26.8.16

repost#18: Shut-the-box [13012010]

Li algures que entre os 3 e os 6 anos os meninos entravam na idade do jogo. Cá em casa confirma-se.
Como, aparentemente, também entusiasmamos outras pessoas a entrarem em despesas nos jogos (é por bem, é por bem!), a prateleira-de-baixo vai passar mostrar alguns deles.
E começo com um must: o "shut-the-box".

O B aprendeu os números negativos, com o Avô, no elevador para a garagem e a contar até depois dos 100, com o Avô, a ver básquete. O Avô adora números e é a ele, de certeza, que sai...
Se aos 4 a curiosidade se voltou para as letras, desde os 2 anos que os números são os reis na sua mente lógica e carregada de regras.
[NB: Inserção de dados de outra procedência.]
(* Let $\mathcal{F}=\langle\mathbb{A},(\mu_i)_{i\in\mathsf{Ag}}\rangle$ be an APE-structure and $\mathbb{E}=(E,(\sim_i),(P_i),\Phi,\mathsf{pre})$ a probabilistic event structure over $\mathbb{A}$. Then the maps $(\mu^{\mathbb{E}}_i)_{i\in\mathsf{Ag}}$ of the updated structure $\mathcal{F}^{\mathbb{E}}=(\mathbb{A}^{\mathbb{E}},(\mu^{\mathbb{E}}_i)_{i\in\mathsf{Ag}})$ are well-defined.
   Context: Fix a set $\mathsf{Ag}$ of agents. A monadic Heyting algebra is a Heyting algebra $\mathbb{L}$ with, for each $i\in\mathsf{Ag}$, monotone unary operations $\lozenge_i,\Box_i$ such that for all $a,b$: $a\leq\lozenge_i a$; $\Box_i a\leq a$; $\lozenge_i(a\vee b)\leq\lozenge_i a\vee\lozenge_i b$; $\Box_i(a\to b)\leq\Box_i a\to\Box_i b$; $\lozenge_i a\leq\Box_i\lozenge_i a$; $\lozenge_i\Box_i a\leq\Box_i a$; $\Box_i(a\to b)\leq\lozenge_i a\to\lozenge_i b$; $\lozenge_i\bot\leq\bot$; $\top\leq\Box_i\top$. An epistemic Heyting algebra is a finite monadic Heyting algebra with $\lozenge_i a\vee\neg\lozenge_i a=\top$ for all $i,a$. An element $c$ is $i$-minimal if $c\neq\bot$, $\lozenge_i c=c$, and whenever $d<c$ and $\lozenge_i d=d$ then $d=\bot$; $\mathsf{Min}_i(\cdot)$ is the set of $i$-minimal elements. A partial map $\mu:\mathbb{A}\to\mathbb{R}^+$ is an $i$-premeasure if: $\mathsf{dom}(\mu)=\mathsf{Min}_i(\mathbb{A}){\downarrow}$; $\mu$ is order-preserving; for $a\in\mathsf{Min}_i(\mathbb{A})$ and $b,c\leq a$, $\mu(b\vee c)=\mu(b)+\mu(c)-\mu(b\wedge c)$; $\mu(\bot)=0$ if $\mathsf{dom}(\mu)\neq\varnothing$. It is an $i$-measure if also: for $a\in\mathsf{Min}_i(\mathbb{A})$ and $b<c\leq a$, $\mu(b)<\mu(c)$; and $\mu(a)=1$ for $a\in\mathsf{Min}_i(\mathbb{A})$. An APE-structure is $\langle\mathbb{A},(\mu_i)\rangle$ with $\mathbb{A}$ an epistemic Heyting algebra and each $\mu_i$ an $i$-measure. A pre-ordered multiset on $X$ is a multiset in which the copies $x_1,\dots,x_n$ of an element carry the linear order $x_1\prec\cdots\prec x_n$. A probabilistic event structure over $\mathbb{A}$ is $(E,(\sim_i),(P_i),\Phi,\mathsf{pre})$: $E$ non-empty finite; $\sim_i$ equivalence relations on $E$; $P_i:E\to\,]0,1]$ with $\sum\{P_i(e')\mid e'\sim_i e\}=1$; $\Phi$ a finite pre-ordered multiset on $\mathbb{A}$ such that any $a,b\in\Phi$ arising from distinct elements satisfy $a\wedge b=\bot$ or $a<b$ or $b<a$; $\mathsf{pre}(\bullet\mid a)$ a probability distribution on $E$ for each $a\in\Phi$; and if $\mathsf{pre}(e\mid a)=0$ then $\mathsf{pre}(e\mid b)=0$ for $b\in\Phi$ with $a<b$ (distinct elements) or $a\prec b$ (copies). For $a\in\Phi$: $\mathrm{mb}(a)$ is the set of maximal elements of $\Phi\cap({\downarrow}a\setminus\{a\})$, and $\mu^a_i(x):=\mu_i(x\wedge a)-\sum_{b\in\mathrm{mb}(a)}\mu_i(x\wedge b)$ for $x\in\mathsf{Min}_i(\mathbb{A}){\downarrow}$. Intermediate algebra $\mathbb{A}'=\prod_{\mathbb{E}}\mathbb{A}$: all maps $f:E\to\mathbb{A}$ with pointwise Heyting operations, $(\lozenge'_i f)(e)=\bigvee\{\lozenge_i f(e')\mid e'\sim_i e\}$, $(\Box'_i f)(e)=\bigwedge\{\Box_i f(e')\mid e'\sim_i e\}$; and $\mu'_i:\mathsf{Min}_i(\mathbb{A}'){\downarrow}\to\mathbb{R}^+$, $\mu'_i(f)=\sum_{e\in E}\sum_{a\in\Phi}P_i(e)\mu^a_i(f(e))\mathsf{pre}(e\mid a)$. Define $\overline{\mathsf{pre}}\in\mathbb{A}'$ by $\overline{\mathsf{pre}}(e)=\bigvee\{a\in\Phi\mid\mathsf{pre}(e\mid a)\neq0\}$. For an epistemic Heyting algebra $\mathbb{B}$ and $c\in\mathbb{B}$, the pseudo-quotient $\mathbb{B}^c$ has carrier the quotient Heyting algebra by $x\cong_c y\iff x\wedge c=y\wedge c$ (classes $[x]$), with $\lozenge^c_i[x]=[\lozenge_i(x\wedge c)]$, $\Box^c_i[x]=[\Box_i(c\to x)]$. Set $\mathbb{A}^{\mathbb{E}}:=(\mathbb{A}')^{\overline{\mathsf{pre}}}$. The updated structure is $\mathcal{F}^{\mathbb{E}}=(\mathbb{A}^{\mathbb{E}},(\mu^{\mathbb{E}}_i))$ where $\mu^{\mathbb{E}}_i:\mathsf{Min}_i(\mathbb{A}^{\mathbb{E}}){\downarrow}\to[0,1]$ is given by $\mu^{\mathbb{E}}_i([g])=0$ if $[g]=\bot$ and otherwise $\mu^{\mathbb{E}}_i([g])=\mu'_i(g)/\mu'_i(f)$, where $[f]$ is the only element of $\mathsf{Min}_i(\mathbb{A}^{\mathbb{E}})$ with $[g]\leq[f]$. Well-definedness means: this $[f]$ is unique, the denominator is nonzero, and the value does not depend on the chosen representatives. *)

(* Finite (epistemic) Heyting algebras are modelled as a
   finite bounded distributive lattice [L : finTBDistrLatticeType d] together
   with a Heyting implication [imp] (characterised by residuation) and
   agent-indexed operators [dia], [box]. *)
From mathcomp Require Import all_boot all_order all_algebra.
Set Implicit Arguments. Unset Strict Implicit. Unset Printing Implicit Defensive.
Import Order.TTheory GRing.Theory Num.Theory.

Section APE.

Variable Ag : Type.
Variables (disp : Order.disp_t) (L : finTBDistrLatticeType disp).
Local Open Scope order_scope.

Definition heyting_imp (imp : L -> L -> L) : Prop :=
  forall a b c : L, (a `&` b <= c) = (a <= imp b c).

Definition monadic_ops (imp : L -> L -> L) (dia box : Ag -> L -> L) : Prop :=
  forall i : Ag,
  [/\ {homo dia i : x y / x <= y}, {homo box i : x y / x <= y},
      (forall a, a <= dia i a), (forall a, box i a <= a) &
      (forall a b, dia i (a `|` b) <= dia i a `|` dia i b)] /\
  [/\ (forall a b, box i (imp a b) <= imp (box i a) (box i b)),
      (forall a, dia i a <= box i (dia i a)),
      (forall a, dia i (box i a) <= box i a),
      (forall a b, box i (imp a b) <= imp (dia i a) (dia i b)) &
      (dia i \bot <= \bot /\ \top <= box i \top)].

Definition epistemic_HA (imp : L -> L -> L) (dia box : Ag -> L -> L) : Prop :=
  [/\ heyting_imp imp, monadic_ops imp dia box &
      forall i a, dia i a `|` imp (dia i a) \bot = \top].

Definition is_minA (dia : Ag -> L -> L) (i : Ag) (c : L) : Prop :=
  [/\ c != \bot, dia i c = c &
      forall d, d < c -> dia i d = d -> d = \bot].

Definition in_domA (dia : Ag -> L -> L) (i : Ag) (x : L) : Prop :=
  exists2 c, is_minA dia i c & x <= c.

Variable R : realFieldType.

(* i-measure (i-premeasure + the extra conditions), given as a total map
   whose values are only constrained on its domain Min_i(A)↓. *)
Definition is_measure (dia : Ag -> L -> L) (i : Ag) (m : L -> R) : Prop :=
  [/\ (forall x, in_domA dia i x -> (0 <= m x)%R) &
      (forall x y, in_domA dia i x -> in_domA dia i y -> x <= y ->
                   (m x <= m y)%R)] /\
  [/\
      (forall a b c, is_minA dia i a -> b <= a -> c <= a ->
         m (b `|` c) = (m b + m c - m (b `&` c))%R),
      ((exists x, in_domA dia i x) -> m \bot = 0%R),
      (forall a b c, is_minA dia i a -> b < c -> c <= a -> (m b < m c)%R) &
      (forall a, is_minA dia i a -> m a = 1%R)].

Definition APE_structure (imp : L -> L -> L) (dia box : Ag -> L -> L)
    (mu : Ag -> L -> R) : Prop :=
  epistemic_HA imp dia box /\ forall i, is_measure dia i (mu i).

(* The finite pre-ordered multiset Phi is a finite sequence [phi : 'I_n -> L];
   copies of the same element are ordered by their position. *)

Variable E : finType.

Definition prob_event_structure (sim : Ag -> rel E) (P : Ag -> E -> R)
    (n : nat) (phi : 'I_n -> L) (pre : 'I_n -> E -> R) : Prop :=
  [/\ (0 < #|E|)%N,
      (forall i, equivalence_rel (sim i)),
      (forall i e, (0 < P i e)%R /\ (P i e <= 1)%R) &
      (forall i e, (\sum_(e' | sim i e e') P i e')%R = 1%R)] /\
  [/\
      (forall j k, phi j != phi k ->
         (phi j `&` phi k = \bot \/ (phi j < phi k) \/ (phi k < phi j))),
      (forall k e, (0 <= pre k e)%R),
      (forall k, (\sum_(e : E) pre k e)%R = 1%R) &
      (forall j k e, pre j e = 0%R ->
         (phi j < phi k \/ (phi j = phi k /\ (j < k)%N)) -> pre k e = 0%R)].

Section Update.
Variables (dia : Ag -> L -> L) (mu : Ag -> L -> R) (sim : Ag -> rel E)
  (P : Ag -> E -> R) (n : nat) (phi : 'I_n -> L) (pre : 'I_n -> E -> R).

Definition mb (a : L) : {set L} :=
  [set b : L | [&& [exists k, phi k == b], b < a &
                  ~~ [exists k, (b < phi k) && (phi k < a)]]].

Definition mu_a (i : Ag) (a x : L) : R :=
  (mu i (x `&` a) - \sum_(b in mb a) mu i (x `&` b))%R.

(* the intermediate algebra A' = prod_E A : maps E -> L, pointwise *)
Definition leF (f g : E -> L) : Prop := forall e, f e <= g e.
Definition eqF (f g : E -> L) : Prop := forall e, f e = g e.
Definition ltF (f g : E -> L) : Prop := leF f g /\ ~ eqF f g.
Definition meetF (f g : E -> L) : E -> L := fun e => f e `&` g e.
Definition botF : E -> L := fun _ => \bot.
Definition diaF (i : Ag) (f : E -> L) : E -> L :=
  fun e => \join_(e' | sim i e e') dia i (f e').

Definition is_minF (i : Ag) (f : E -> L) : Prop :=
  [/\ ~ eqF f botF, eqF (diaF i f) f &
      forall d, ltF d f -> eqF (diaF i d) d -> eqF d botF].

Definition in_domF (i : Ag) (g : E -> L) : Prop :=
  exists2 f, is_minF i f & leF g f.

Definition mu' (i : Ag) (f : E -> L) : R :=
  (\sum_(e : E) \sum_(k : 'I_n) P i e * mu_a i (phi k) (f e) * pre k e)%R.

Definition preb : E -> L := fun e => \join_(k | pre k e != 0%R) phi k.

(* the pseudo-quotient A^E = (A')^preb, described on representatives:
   [x] = [y] iff x /\ preb = y /\ preb ; [x] <= [y] iff x /\ preb <= y /\ preb;
   dia^c_i [x] = [dia'_i (x /\ preb)]. *)
Definition eqQ (f g : E -> L) : Prop := eqF (meetF f preb) (meetF g preb).
Definition leQ (f g : E -> L) : Prop := leF (meetF f preb) (meetF g preb).
Definition ltQ (f g : E -> L) : Prop := leQ f g /\ ~ eqQ f g.
Definition diaQ (i : Ag) (f : E -> L) : E -> L := diaF i (meetF f preb).

Definition is_minQ (i : Ag) (f : E -> L) : Prop :=
  [/\ ~ eqQ f botF, eqQ (diaQ i f) f &
      forall d, ltQ d f -> eqQ (diaQ i d) d -> eqQ d botF].

Definition in_domQ (i : Ag) (g : E -> L) : Prop :=
  exists2 f, is_minQ i f & leQ g f.

(* Well-definedness of mu^E_i([g]) = mu'_i(g) / mu'_i(f) for a non-bottom
   [g] in Min_i(A^E)↓ *)
Definition muE_well_defined (i : Ag) : Prop :=
  forall g : E -> L, in_domQ i g -> ~ eqQ g botF ->
  exists f : E -> L,
  [/\ is_minQ i f, leQ g f &
      (forall f', is_minQ i f' -> leQ g f' -> eqQ f' f)] /\
  [/\
      (exists2 g0, eqQ g0 g & in_domF i g0),
      (exists2 f0, eqQ f0 f & in_domF i f0),
      (forall f0, eqQ f0 f -> in_domF i f0 -> mu' i f0 != 0%R) &
      (forall g1 g2 f1 f2, eqQ g1 g -> eqQ g2 g -> eqQ f1 f -> eqQ f2 f ->
         in_domF i g1 -> in_domF i g2 -> in_domF i f1 -> in_domF i f2 ->
         (mu' i g1 / mu' i f1 = mu' i g2 / mu' i f2)%R)].

End Update.
End APE.

(* Uniqueness: the meet of two i-minimal classes of the pseudo-quotient lying
   above [g] is again fixed and non-zero, so it equals both.  Representatives:
   in an epistemic algebra every fixed element is complemented, hence below any
   fixed [y] meeting [x] there is an i-minimal [c] meeting [x]; spreading such a
   [c] over one [sim i]-class gives an i-minimal element of [A'] representing
   the minimal class, and everything below the class inherits it.  Denominator:
   [mu'_i] only sees [x /\ preb], and at a world where the class survives the
   lowest [phi k] with [pre k <> 0] meeting it contributes a positive term. *)
From mathcomp Require Import all_boot all_order all_algebra.
Set Implicit Arguments. Unset Strict Implicit. Unset Printing Implicit Defensive.
Import Order.TTheory GRing.Theory Num.Theory.
Local Open Scope order_scope.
(Estranho até a súbita aparição de uma espécie de animal visual na maneira como desatou a ver coisas nas nuvens, nos rótulos, nos rabiscos ou no modo como desenha compulsivamente depois de anos de recusa.)
Para ele, este jogo serviu apenas para visualizar o que já fazia; para outros meninos que ainda não o fazem, ajuda a tornar os números palpáveis tratando a matemática como um jogo.
O T também já quer jogar; por enquanto lança os dados e baixa as peças dos números que lhe vamos dizendo para baixar. O que significa que às vezes nos ganha a todos.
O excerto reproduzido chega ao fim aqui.